116 hostil e menos apoiante para os jovens, refletindo-se consequentemente nos seus níveis de bem-estar subjetivo.

Relativamente à dimensão “Tolerância com os outros” uma possível explicação poderá residir no fato dos jovens mais desfavorecidos se tornarem menos resistentes às frustrações originadas pelos contextos e constrangimentos de vida que experienciam, o que se poderá refletir em aspetos relacionais como a capacidade de empatia ou tolerância para com os outros. Estes jovens detêm à partida menos fatores de proteção encontrando-se simultaneamente mais expostos a fatores de risco, o que poderá contribuir para diminuir a sua resiliência.

Os estudos realizados anteriormente com esta escala de bem-estar subjetivo não analisaram a relação entre o nível socioeconómico de pertença e o bem-estar subjetivo nas várias dimensões, não sendo, por este motivo, possível confirmar a influência desta variável nas dimensões “Satisfação com as relações familiares” e “Tolerância com os outros” desta escala de bem-estar.

No presente estudo, a modalidade de formação frequentada (ensino regular versus cursos de educação e formação) parece não contribuir para influenciar o nível de bem-estar subjetivo dos jovens na amostra. Estes resultados parecem indiciar que o bem-estar subjetivo é independente do tipo de ensino frequentado ou da história escolar dos alunos.

No que se refere à congruência entre as aspirações e expectativas

educacionais, estas não se refletem ao nível do bem-estar subjetivo dos jovens.

Relativamente à história escolar dos jovens, o facto de estes terem sofrido uma ou mais retenções não parecer refletir-se no seu nível global de bem-estar subjetivo, contudo, contribui para afetar o nível de bem-estar na tolerância com os outros. Deste modo, os jovens com retenção apresentam um nível de bem-estar subjetivo no que se refere à tolerância com os outros. Uma possível explicação poderá encontra-se no facto destes jovens já se terem confrontado com situações geradoras de alguma frustração, as quais de alguma forma poderão contribuir para uma maior flexibilidade na gestão da suas relações interpessoais. Nesta perspetiva, uma eventual situação de retenção poderá conduzir a sentimentos de maior empatia e tolerância para com os outros Alternativamente, estes jovens poderão sentir uma maior necessidade de aceitação por parte dos outros, tornando-se consequentemente mais amáveis. De facto, percursos escolares interrompidos devido a uma ou mais retenções levam a que os jovens tenham de encetar novos relacionamentos com perda de referências relacionais importantes.

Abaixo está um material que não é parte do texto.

(* Let $K$ be a compact convex semigroup and let $e \in K$ be a minimal idempotent of $K$. Then $exe=e$ for every $x \in K$.
   Context: A compact convex semigroup is a non-empty compact convex subset $K$ of some locally convex topological vector space, equipped with an associative binary operation $(a,b)\mapsto ab$ on $K$ such that for every fixed $b\in K$ the map $K\ni a\mapsto ab\in K$ is affine and continuous (no continuity or affineness in the second variable is assumed). An element $e\in K$ is idempotent if $ee=e$. On idempotents one defines $e<f$ if and only if $ef=fe=e$; an idempotent $e$ is minimal if there is no idempotent $f\neq e$ with $f<e$. *)

(* real locally convex (Hausdorff) topological vector spaces,
   presented by a separating family of seminorms. *)
From Stdlib Require Import Reals List.
Open Scope R_scope.

Record LCTVS := {
  vcar :> Type;
  vzero : vcar;
  vadd : vcar -> vcar -> vcar;
  vopp : vcar -> vcar;
  vscal : R -> vcar -> vcar;
  vaddA : forall x y z, vadd x (vadd y z) = vadd (vadd x y) z;
  vaddC : forall x y, vadd x y = vadd y x;
  vadd0 : forall x, vadd x vzero = x;
  vaddN : forall x, vadd x (vopp x) = vzero;
  vscalA : forall a b x, vscal a (vscal b x) = vscal (a * b) x;
  vscal1 : forall x, vscal 1 x = x;
  vscalDr : forall a x y, vscal a (vadd x y) = vadd (vscal a x) (vscal a y);
  vscalDl : forall a b x, vscal (a + b) x = vadd (vscal a x) (vscal b x);
  sidx : Type;
  snorm : sidx -> vcar -> R;
  snorm_ge0 : forall i x, 0 <= snorm i x;
  snorm_triangle : forall i x y, snorm i (vadd x y) <= snorm i x + snorm i y;
  snorm_hom : forall i a x, snorm i (vscal a x) = Rabs a * snorm i x;
  snorm_sep : forall x, (forall i, snorm i x = 0) -> x = vzero
}.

117 Possivelmente estes jovens, já mais velhos, terão uma maior necessidade de aceitação por parte dos outros, já que a sua auto-estima escolar poderá estar comprometida devido às situações de insucesso vivenciadas.

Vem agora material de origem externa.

Lemma ln_sub_ge (s t : R) : 0 < s -> 0 < t -> (s - t) / s <= ln s - ln t.
Proof.
  intros Hs Ht.
  assert (Hts : 0 < t / s) by (apply Rdiv_lt_0_compat; lra).
  assert (Hln : ln (t / s) <= t / s - 1).
  { pose proof (exp_ineq1_le (ln (t / s))) as Hexp. rewrite exp_ln in Hexp; lra. }
  unfold Rdiv in *.
  rewrite ln_mult, ln_Rinv in Hln by (try apply Rinv_0_lt_compat; lra).
  replace ((s - t) * / s) with (1 - t * / s) by (field; lra).
  lra.
Qed.

Lemma half_le_div (d s : R) : 0 <= d -> 0 < s <= 2 -> d / 2 <= d / s.
Proof.
  intros Hd Hs. unfold Rdiv.
  apply Rmult_le_compat_l; [lra|]. apply Rinv_le_contravar; lra.
Qed.

Lemma log_ratio_sub_ge (x y : R) :
  -1 < y -> y <= x -> x < 1 -> x - y <= log_ratio x - log_ratio y.
Proof.
  intros Hy Hyx Hx. unfold log_ratio.
  pose proof (ln_sub_ge (1 + x) (1 + y) ltac:(lra) ltac:(lra)).
  pose proof (ln_sub_ge (1 - y) (1 - x) ltac:(lra) ltac:(lra)).
  pose proof (half_le_div (x - y) (1 + x) ltac:(lra) ltac:(lra)).
  pose proof (half_le_div (x - y) (1 - y) ltac:(lra) ltac:(lra)).
  replace (1 + x - (1 + y)) with (x - y) in * by ring.
  replace (1 - y - (1 - x)) with (x - y) in * by ring.
  lra.
Qed.

Lemma log_ratio_strongly_monotone (x y : R) :
  -1 < x < 1 -> -1 < y < 1 -> (x - y) ^ 2 <= (log_ratio x - log_ratio y) * (x - y).
Proof.
  intros Hx Hy. destruct (Rle_dec y x).
  - pose proof (log_ratio_sub_ge x y ltac:(lra) ltac:(lra) ltac:(lra)). nra.
  - pose proof (log_ratio_sub_ge y x ltac:(lra) ltac:(lra) ltac:(lra)). nra.
Qed.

No que se refere à satisfação escolar observou-se que os jovens mais satisfeitos com a escola apresentam níveis de bem-estar subjetivo mais elevados do que os que se encontram menos satisfeitos com a escola, o que se reflete sobretudo ao nível da satisfação com a vida e emoções positivas e tolerância com os outros. Esta observação demonstra a importância do contexto escolar enquanto contributo para a satisfação e felicidade dos jovens.